The ratio of the intensity of the aggregate of the cyanine compound to the intensity of the cyanine compound in the ultraviolet-visible absorption spectrum of the solution in which the coloring composition is dissolved or dispersed in the above solvent is usually 80:20 to 100: 0, 85:15 to 100: 0 is preferred.

  The UV-visible absorption spectrum of a solution in which the coloring composition is dissolved or dispersed in a solvent is usually 570 to 650 nm, which is an intermediate wavelength range of R and G color filters, and preferably 580 to 620 nm. More preferably,

  The content of the coloring composition in the resin composition of the present invention is preferably 0.1 to 10% by mass with respect to the total solid content (all components excluding the solvent) of the resin composition of the present invention, 0.1 It is more preferably 5 to 5% by mass, further preferably 0.1 to 2% by mass. If the content of the coloring composition is less than 0.1% by mass, the desired effect may not be obtained, and if the content of the coloring composition is excessive, the coloring composition is precipitated in the resin composition. The transparency of the color correction optical filter and the adhesion between the resin composition and the substrate may be reduced.

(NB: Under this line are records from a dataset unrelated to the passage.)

(* Let $\mathscr{A}$ be a unital Banach algebra, $\mathscr{B},\mathscr{C}$ unital Banach algebras, and $\varphi:\mathscr{A}\to\mathscr{B}$, $\psi:\mathscr{A}\to\mathscr{C}$ algebra homomorphisms. The following are equivalent: (i) every bounded Jordan $(\varphi,\psi)$-derivation from $\mathscr{A}$ into any unital Banach $\mathscr{B}$-$\mathscr{C}$-bimodule is a $(\varphi,\psi)$-derivation; (ii) every bounded trilinear form $V:\mathscr{A}\times\mathscr{C}\times\mathscr{B}\to\mathbb{C}$ satisfying $$V(a^{2},c,b)=V(a,\psi(a)c,b)+V(a,c,b\varphi(a))\quad(a\in\mathscr{A},b\in\mathscr{B},c\in\mathscr{C})$$ also satisfies $$V(ad,c,b)=V(a,\psi(d)c,b)+V(d,c,b\varphi(a))\quad(a,d\in\mathscr{A},b\in\mathscr{B},c\in\mathscr{C}).$$
   Context: A Banach $\mathscr{B}$-$\mathscr{C}$-bimodule is a Banach space $X$ that is a left Banach $\mathscr{B}$-module and a right Banach $\mathscr{C}$-module with commuting actions and $\|b\cdot x\cdot c\|\le\|b\|\|x\|\|c\|$; it is unital if the units of $\mathscr{B},\mathscr{C}$ act as the identity. A linear map $\delta:\mathscr{A}\to X$ is a Jordan $(\varphi,\psi)$-derivation if $\delta(a^{2})=\varphi(a)\cdot\delta(a)+\delta(a)\cdot\psi(a)$ for all $a$, and a $(\varphi,\psi)$-derivation if $\delta(ab)=\delta(a)\cdot\psi(b)+\varphi(a)\cdot\delta(b)$ for all $a,b$. *)

From mathcomp Require Import all_boot all_order all_algebra.
From mathcomp Require Import complex.
From mathcomp Require Import all_classical all_reals all_analysis.
Import numFieldNormedType.Exports.
Import Order.TTheory GRing.Theory Num.Theory.
Set Implicit Arguments. Unset Strict Implicit. Unset Printing Implicit Defensive.
Local Open Scope ring_scope.

Section BanachDefs.
Variable K : numFieldType.

Record unital_banach_algebra (A : completeNormedModType K)
    (mul : A -> A -> A) (one : A) : Prop := {
  ba_mulA : forall a b c, mul a (mul b c) = mul (mul a b) c;
  ba_mul1l : forall a, mul one a = a;
  ba_mul1r : forall a, mul a one = a;
  ba_mulDl : forall a b c, mul (a + b) c = mul a c + mul b c;
  ba_mulDr : forall a b c, mul a (b + c) = mul a b + mul a c;
  ba_mulZl : forall (k : K) a b, mul (k *: a) b = k *: mul a b;
  ba_mulZr : forall (k : K) a b, mul a (k *: b) = k *: mul a b;
  ba_norm_mul : forall a b, `|mul a b| <= `|a| * `|b|;
  ba_norm_one : `|one| = 1 }.

Definition is_linear (U V : lmodType K) (f : U -> V) : Prop :=
  (forall u v, f (u + v) = f u + f v) /\ (forall (k : K) u, f (k *: u) = k *: f u).

Definition is_alg_hom (A B : lmodType K) (mulA : A -> A -> A) (mulB : B -> B -> B)
    (f : A -> B) : Prop :=
  is_linear f /\ (forall a b, f (mulA a b) = mulB (f a) (f b)).

Definition is_bounded (U V : normedModType K) (f : U -> V) : Prop :=
  exists M : K, forall u, `|f u| <= M * `|u|.

Record unital_banach_bimodule (B C X : completeNormedModType K)
    (mulB : B -> B -> B) (oneB : B) (mulC : C -> C -> C) (oneC : C)
    (lact : B -> X -> X) (ract : X -> C -> X) : Prop := {
  bm_lactDl : forall b1 b2 x, lact (b1 + b2) x = lact b1 x + lact b2 x;
  bm_lactDr : forall b x y, lact b (x + y) = lact b x + lact b y;
  bm_lactZl : forall (k : K) b x, lact (k *: b) x = k *: lact b x;
  bm_lactZr : forall (k : K) b x, lact b (k *: x) = k *: lact b x;
  bm_ractDl : forall x y c, ract (x + y) c = ract x c + ract y c;
  bm_ractDr : forall x c1 c2, ract x (c1 + c2) = ract x c1 + ract x c2;
  bm_ractZl : forall (k : K) x c, ract (k *: x) c = k *: ract x c;
  bm_ractZr : forall (k : K) x c, ract x (k *: c) = k *: ract x c;
  bm_lactA : forall b1 b2 x, lact (mulB b1 b2) x = lact b1 (lact b2 x);
  bm_ractA : forall x c1 c2, ract x (mulC c1 c2) = ract (ract x c1) c2;
  bm_comm : forall b x c, ract (lact b x) c = lact b (ract x c);
  bm_norm : forall b x c, `|ract (lact b x) c| <= `|b| * `|x| * `|c|;
  bm_lact1 : forall x, lact oneB x = x;
  bm_ract1 : forall x, ract x oneC = x }.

Specific examples of combinations of the cyanine compound represented by the formula (1) contained in the coloring composition and the aggregation promoting agent having a cation represented by the formula (2) are shown in Table 1. The abbreviation in Table 1, Me represents methyl, Et represents ethyl, SO ₃ represents a sulfonate anion, SO ₃ H represents a sulfo group, and COOH represents a carboxy group.

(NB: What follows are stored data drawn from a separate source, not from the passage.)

Lemma valid_word_insert1_inv n v : valid_word n.+1 r k (rev v) ->
  exists vp b, [/\ v = insert1 (map succn vp) (count negb b) b, valid_word n r k (rev vp),
    count id b = r.-1 & count negb b <= good_len k vp].
Proof.
move=> /(valid_word_rev _ _ _ Hk1) [Hw N3 Nk].
have Hc1 : count_mem 1 v = r.
  by case/andP: Hw => _ /allP H; apply/eqP; apply: H; rewrite mem_iota; lia.
have [|b [Ev HLs Hid]] := @insert1_decomposition v; first by rewrite -has_pred1 has_count Hc1.
set u := filter (predC1 1) v in Ev HLs.
have Hu : all (leq 2) u.
  apply/allP => x; rewrite mem_filter => /andP [/= Hx1 /(allP (is_word_gt0 Hw)) Hx].
  by move: Hx1 Hx; rewrite -[2]/(1.+1); lia.
have Eu : map succn (map predn u) = u.
  by rewrite -map_comp; apply: map_id_in => x /(allP Hu) Hx /=; lia.
rewrite -Eu in Ev HLs Hu.
have := insert1_avoids_inv Hu (erefl _) HLs (k := k); rewrite -Ev => /(_ N3 Nk) [N3u Nku Hg].
have := is_word_perm n.+1 r (perm_insert1 (erefl _) HLs).
rewrite -Ev Hid Hc1 is_word_succ // => Hw'.
exists (map predn u), b; split => //.
- apply/(valid_word_rev _ _ _ Hk1).
  by split; [rewrite -Hw' | move/has321_map_succ | move/(has23k1_map_succ _ Hk1)].
- by rewrite -Hc1 -Hid.
by move: Hg; rewrite good_prefix_take // /good_len run_state_map_succ.
Qed.

Lemma mem_valid_rwords n v : (v \in valid_rwords k r n) = valid_word n r k (rev v).
Proof.
elim: n v => [|n IH] v.
  apply/esym; case: v => [|x v]; rewrite inE /=.
    apply/(valid_word_rev _ _ _ Hk1); split => //.
      by move=> [a [b [c [_ _]]]].
    by move=> [a [zs [_ _ _]]]; rewrite subseq0; case: zs.
  apply/negP => /(valid_word_rev _ _ _ Hk1) [Hw _ _].
  by move: Hw => /andP[/andP[]]; lia.
apply/allpairsPdep/idP => [[vp [b [Hvp Hb ->]]] | /valid_word_insert1_inv].
  move: Hvp Hb; rewrite IH mem_insertions => Hvp /andP[/eqP Hid HL].
  exact: valid_word_insert1.
move=> [vp [b [-> Hvp Hid HL]]].
by exists vp, b; rewrite IH mem_insertions Hid eqxx HL.
Qed.

Lemma valid_rwords_shift_gt1 n vp : vp \in valid_rwords k r n -> all (leq 2) (map succn vp).
Proof.
rewrite mem_valid_rwords => /(valid_word_rev _ _ _ Hk1) [/is_word_gt0 Hw _ _].
by rewrite all_map.
Qed.

Lemma valid_rwords_uniq n : uniq (valid_rwords k r n).
Proof.
elim: n => [|n IH] //=; apply: allpairs_uniq_dep => // [vp _|]; first exact: insertions_uniq.
move=> [vp1 b1] [vp2 b2] /allpairsPdep [? [? [Hv1 Hb1 E1]]].
move=> /allpairsPdep [? [? [Hv2 Hb2 E2]]] /= E.
case: E1 => ? ?; case: E2 => ? ?; subst.
have HL vp b : b \in insertions r (good_len k vp) -> count negb b <= size (map succn vp).
  by rewrite mem_insertions size_map => /andP[_ /leq_trans]; apply; exact: good_len_size.
by have [/(inj_map succn_inj) -> ->] := insert1_inj (valid_rwords_shift_gt1 Hv1)
  (valid_rwords_shift_gt1 Hv2) (HL _ _ Hb1) (HL _ _ Hb2) E.
Qed.

Lemma size_valid_rwords n v : v \in valid_rwords k r n -> size v = n * r.
Proof.
elim: n v => [|n IH] v; first by rewrite inE => /eqP ->.
move=> /allpairsPdep [vp [b [Hvp + ->]]]; rewrite mem_insertions => /andP[/eqP Hid HL].
have HLs : count negb b <= size (map succn vp).
  by rewrite size_map; exact: leq_trans HL (good_len_size k vp).
by rewrite (perm_size (perm_insert1 (erefl _) HLs)) size_cat size_nseq size_map IH // Hid prednK.
Qed.

Lemma c_seq_valid_rwords n : c_seq k r n = size (valid_rwords k r n).
Proof.
rewrite /c_seq cardE -(size_map (fun t : (n * r).-tuple 'I_n.+1 => map (@nat_of_ord _) t)).
rewrite -(size_map rev (valid_rwords k r n)).
apply/perm_size/uniq_perm.
- by rewrite map_inj_uniq ?enum_uniq // => t1 t2 /(inj_map (@ord_inj _)) /val_inj.
- by rewrite map_inj_uniq ?valid_rwords_uniq //; exact: (can_inj revK).
move=> w; rewrite -[w in RHS]revK (mem_map (can_inj revK)) mem_valid_rwords revK.
apply/mapP/idP => [[t]|Hw]; first by rewrite mem_enum => Ht ->.
have Hsz : size (map (@inord n) w) == n * r.
  by rewrite size_map -size_rev (@size_valid_rwords n) // mem_valid_rwords revK.
have Hval : map (@nat_of_ord _) (map (@inord n) w) = w.
  rewrite -map_comp; apply: map_id_in => x Hx /=; rewrite inordK //.
  by move: Hw => /and3P [/andP[/allP /(_ x Hx) /andP[_ ?] _] _ _].
by exists (Tuple Hsz); rewrite /= ?Hval // mem_enum inE /= Hval.
Qed.

Lemma run_state_valid_insert1 n vp b : vp \in valid_rwords k r n ->
  b \in insertions r (good_len k vp) ->
  run_state k (insert1 (map succn vp) (count negb b) b) = next_state k b (run_state k vp).
Proof.
move=> Hvp; rewrite mem_insertions => /andP[_ HL].
rewrite run_state_insert1 ?(run_state_map_succ k vp) ?(valid_rwords_shift_gt1 Hvp) //.
by rewrite /good_len (run_state_map_succ k vp).
Qed.

Lemma run_state_valid_rwords n v : v \in valid_rwords k r n ->
  run_state k v \in seqs_upto (iota 0 r.+1) (k - 2).
Proof.
rewrite mem_seqs_upto size_take_min geq_minl /=.
rewrite (@eq_all _ _ (fun a => a <= r)) => [|a]; last by rewrite /= inE mem_iota; lia.
elim: n v => [|n IH] v; first by rewrite inE => /eqP ->.
move=> /allpairsPdep [vp [b [Hvp Hb ->]]].
move: (Hb); rewrite mem_insertions => /andP[/eqP Hid _].
by rewrite (run_state_valid_insert1 Hvp Hb) next_state_bounded // IH.
Qed.

Lemma count_run_state_succ n S :
  count (fun v => run_state k v == S) (valid_rwords k r n.+1) =
  \sum_(vp <- valid_rwords k r n) transfer k r (run_state k vp) S.
Proof.
rewrite count_allpairs_dep !big_seq; apply: eq_bigr => vp Hvp.
by apply: eq_in_count => b Hb /=; rewrite (run_state_valid_insert1 Hvp Hb).
Qed.

End ValidWords.

(** * Transfer matrices and linear recurrences *)

Import GRing.Theory.
Local Open Scope ring_scope.

Lemma mx_orbit_recurrence (R : comNzRingType) m (A : 'M[R]_m) (v : nat -> 'cV[R]_m)
    (c : nat -> R) :
  (forall n, v n.+1 = A *m v n) -> (forall n, c n = \sum_(i < m) v n i 0) ->
  exists (d : nat) (a : nat -> R), forall n, c (n + d)%N = \sum_(i < d) a i * c (n + i)%N.
Proof.
case: m A v c => [|m] A v c Hv Hc.
  by exists 0%N, (fun _ => 0) => n; rewrite big_ord0 Hc big_ord0.
set p := char_poly A.
have Hsz : size p = m.+2 := size_char_poly A.
have Hlead : p`_m.+1 = 1 by have := monicP (char_poly_monic A); rewrite /lead_coef -/p Hsz.
have Hexp : horner_mx A p = \sum_(i < m.+2) p`_i *: A ^+ i.
  rewrite -{1}[p]coefK poly_def Hsz linear_sum /=; apply: eq_bigr => i _.
  by rewrite linearZ /= rmorphXn /= horner_mx_X.
have HAd : A ^+ m.+1 = - \sum_(i < m.+1) p`_i *: A ^+ i.
  move: (Cayley_Hamilton A); rewrite -/p Hexp big_ord_recr /= Hlead scale1r => /eqP.
  by rewrite addrC addr_eq0 => /eqP.
have Hvn n i : v (n + i)%N = A ^+ i *m v n.
  elim: i => [|i IH]; first by rewrite addn0 expr0 mul1mx.
  by rewrite addnS Hv IH exprS mulmxA.
exists m.+1, (fun i => - p`_i) => n.
transitivity (\sum_(i < m.+1) - p`_i * \sum_(j < m.+1) (A ^+ i *m v n) j 0).
  rewrite Hc Hvn HAd mulNmx mulmx_suml.
  under eq_bigr do rewrite mxE summxE.
  rewrite sumrN exchange_big /= -sumrN.
  apply: eq_bigr => i _; rewrite mulNr mulr_sumr.
  by congr (- _); apply: eq_bigr => j _; rewrite -scalemxAl mxE.
by apply: eq_bigr => i _; rewrite Hc Hvn.
Qed.

Lemma sum_by_fibers (I T : eqType) (states : seq T) (g : T -> nat) (st : I -> T)
    (l : seq I) :
  uniq states -> {in l, forall x, st x \in states} ->
  (\sum_(x <- l) g (st x) = \sum_(S <- states) g S * count (fun x => st x == S) l)%N.
Proof.
move=> Hu; elim: l => [|a l IH] Hin; first by rewrite big_nil big1 // => S _; rewrite muln0.
rewrite big_cons IH => [|x Hx]; last by apply: Hin; rewrite inE Hx orbT.
under [in RHS]eq_bigr do rewrite /= mulnDr.
rewrite big_split /=; congr (_ + _)%N.
rewrite (bigD1_seq (st a)) ?Hin ?mem_head //= eqxx muln1 big1 ?addn0 // => S.
by rewrite eq_sym => /negbTE ->; rewrite muln0.
Qed.

Section TransferMatrix.
Variables (X T : eqType) (words : nat -> seq X) (state : X -> T).
Variables (states : seq T) (F : T -> T -> nat).
Hypothesis state_in : forall n x, x \in words n -> state x \in states.
Hypothesis count_state_succ : forall n S,
  count (fun x => state x == S) (words n.+1) = (\sum_(x <- words n) F (state x) S)%N.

The resin composition of the present invention contains a transparent resin.
The transparent resin contained in the resin composition of the present invention is not particularly limited as long as it has high transparency and can dissolve or uniformly disperse the coloring composition, but polymers of acrylic acid type alkyl ester monomers and / or Or it is preferable that it is a transparent resin containing the copolymer of an acrylic acid type alkyl ester monomer and another monomer.
Although “transparent” in the transparent resin is not particularly limited as long as light in the visible light region is transmitted, the transmittance of the visible light region is 97% or more when the transparent resin is a thin film of 10 to 30 μm. Is preferred.

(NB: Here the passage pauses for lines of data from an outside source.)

Lemma sum_conv_exact_abs_le no nh n (AT : 'M[R]_(no, n)) (G : 'M[R]_(n, nh))
    (BT : 'M[R]_(n, n)) (h : 'cV[R]_nh) (x : 'cV[R]_n) :
  \sum_i conv_exact (mabs AT) (mabs G) (mabs BT) (mabs h) (mabs x) i 0
    <= mnorm1 AT * mnormF G * vnorm2 h * mnormF BT * vnorm2 x.
Proof.
pose rowF m k (M : 'M[R]_(m, k)) j := Num.sqrt (\sum_l M j l ^+ 2).
have sum_rowF_le : \sum_j rowF _ _ G j * rowF _ _ BT j <= mnormF G * mnormF BT.
  have sqr_rowF m k (M : 'M[R]_(m, k)) j : rowF _ _ M j ^+ 2 = \sum_l M j l ^+ 2.
    by rewrite sqr_sqrtr // sumr_ge0 // => l _; apply: sqr_ge0.
  apply: le_trans (cauchy_schwarz _ _) _.
  by under eq_bigr do rewrite sqr_rowF; under [X in _ * Num.sqrt X]eq_bigr do rewrite sqr_rowF.
have term_le j :
    \sum_i mabs AT i j * hadamard (mabs G *m mabs h) (mabs BT *m mabs x) j 0
    <= mnorm1 AT * (vnorm2 h * vnorm2 x) * (rowF _ _ G j * rowF _ _ BT j).
  rewrite -mulr_suml mxE; under eq_bigr do rewrite mxE.
  have -> : mnorm1 AT * (vnorm2 h * vnorm2 x) * (rowF _ _ G j * rowF _ _ BT j)
      = mnorm1 AT * ((rowF _ _ G j * vnorm2 h) * (rowF _ _ BT j * vnorm2 x)) by ring.
  apply: ler_pM; rewrite ?sumr_ge0 ?mulr_ge0 ?mabs_mulmx_ge0 ?sum_norm_col_le_mnorm1 //.
  by apply: ler_pM; rewrite ?mabs_mulmx_ge0 ?mabs_mulmx_le.
have -> : mnorm1 AT * mnormF G * vnorm2 h * mnormF BT * vnorm2 x
    = mnorm1 AT * (vnorm2 h * vnorm2 x) * (mnormF G * mnormF BT) by ring.
rewrite /conv_exact; under eq_bigr do rewrite mxE.
rewrite exchange_big /=; apply: le_trans (ler_sum _ (fun j _ => term_le j)) _.
by rewrite -mulr_sumr ler_wpM2l ?mulr_ge0 ?mnorm1_ge0 ?sqrtr_ge0.
Qed.

End Norms.

Theorem mainTheorem2 (R : rcfType) (no nh : nat) (Hno : (0 < no)%N) (Hnh : (0 < nh)%N)
  (p : 'I_(no + nh - 1) -> R) (Hp : injective p)
  (h : 'cV[R]_nh) (x : 'cV[R]_(no + nh - 1)) :
  let n := (no + nh - 1)%N in
  let AT := tcAT no p in
  let G := tcG nh p in
  let BT := tcBT p in
  let s := conv_exact AT G BT h x in
  exists C : R, exists eps0 : R, 0 < eps0 /\
    forall eps : R, 0 <= eps -> eps <= eps0 ->
    forall e : fp_errs R no nh n, errs_bounded e eps ->
    let shat := conv_fl AT G BT h x e in
    (forall i : 'I_no,
       `|shat i 0 - s i 0|
         <= (mabs AT *m hadamard (mabs G *m mabs h) (mabs BT *m mabs x)) i 0
              * (nh + 2 * n + 4)%:R * eps + C * eps ^+ 2)
    /\ vnorm1 (shat - s)
         <= mnorm1 AT * mnormF G * vnorm2 h * mnormF BT * vnorm2 x
              * (nh + 2 * n + 4)%:R * eps + C * eps ^+ 2.
Proof.
move=> n AT G BT s; set K := (nh + 2 * n + 4)%N.
pose T i := conv_exact (mabs AT) (mabs G) (mabs BT) (mabs h) (mabs x) i 0.
pose S := \sum_i T i.
exists (4%:R ^+ K * S), 1; split=> [|eps e0 e1 e be shat]; first exact: ltr01.
have T_ge0 i : 0 <= T i := conv_exact_abs_ge0 AT G BT h x i.
have err_le i : `|shat i 0 - s i 0| <= T i * (K%:R * eps + 4%:R ^+ K * eps ^+ 2).
  exact: le_trans (conv_fl_err_le AT G BT h x i e0 be)
                  (ler_wpM2l (T_ge0 i) (exp1D_sub1_le K e0 e1)).
have quad_ge0 : 0 <= 4%:R ^+ K * eps ^+ 2 by rewrite mulr_ge0 ?exprn_ge0.
have lin_ge0 : 0 <= K%:R * eps by rewrite mulr_ge0.
split=> [i|].
  have T_le_S : T i <= S by rewrite /S (bigD1 i) //= lerDl sumr_ge0.
  apply: le_trans (err_le i) _; have := ler_wpM2l quad_ge0 T_le_S; rewrite -/(T i); lra.
have S_le : S <= _ := sum_conv_exact_abs_le AT G BT h x.
apply: le_trans (_ : S * (K%:R * eps + 4%:R ^+ K * eps ^+ 2) <= _); last first.
  by have := ler_wpM2r lin_ge0 S_le; lra.
rewrite /vnorm1 /S mulr_suml; apply: ler_sum => i _.
by rewrite [(shat - s) i 0]mxE [(- s) i 0]mxE err_le.
Qed.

Examples of acrylic acid type alkyl ester monomers include methyl (meth) acrylate, ethyl (meth) acrylate, i-propyl (meth) acrylate, n-propyl (meth) acrylate, and (meth) acrylic acid i- And alkyl esters of (meth) acrylic acid having 1 to 12 carbon atoms such as butyl, n-butyl (meth) acrylate, t-butyl (meth) acrylate and dodecyl (meth) acrylate; These may be used alone or in combination of two or more kinds in the synthesis of the polymer, but it is preferable to use two or more kinds in combination to make a copolymer.
The acrylic acid-based alkyl ester monomer used for the synthesis of the polymer or copolymer is selected from the group consisting of n-butyl (meth) acrylate, t-butyl (meth) acrylate and methyl (meth) acrylate And n-butyl (meth) acrylate and (t-butyl) (meth) acrylate are preferable, and n-butyl (meth) acrylate and t-butyl (meth) acrylate are preferably used in combination. It is more preferable to use three types of t-butyl acrylate and methyl (meth) acrylate in combination. In the present specification, for example, the description of “(meth) acrylic acid” means “acrylic acid” and / or “methacrylic acid”.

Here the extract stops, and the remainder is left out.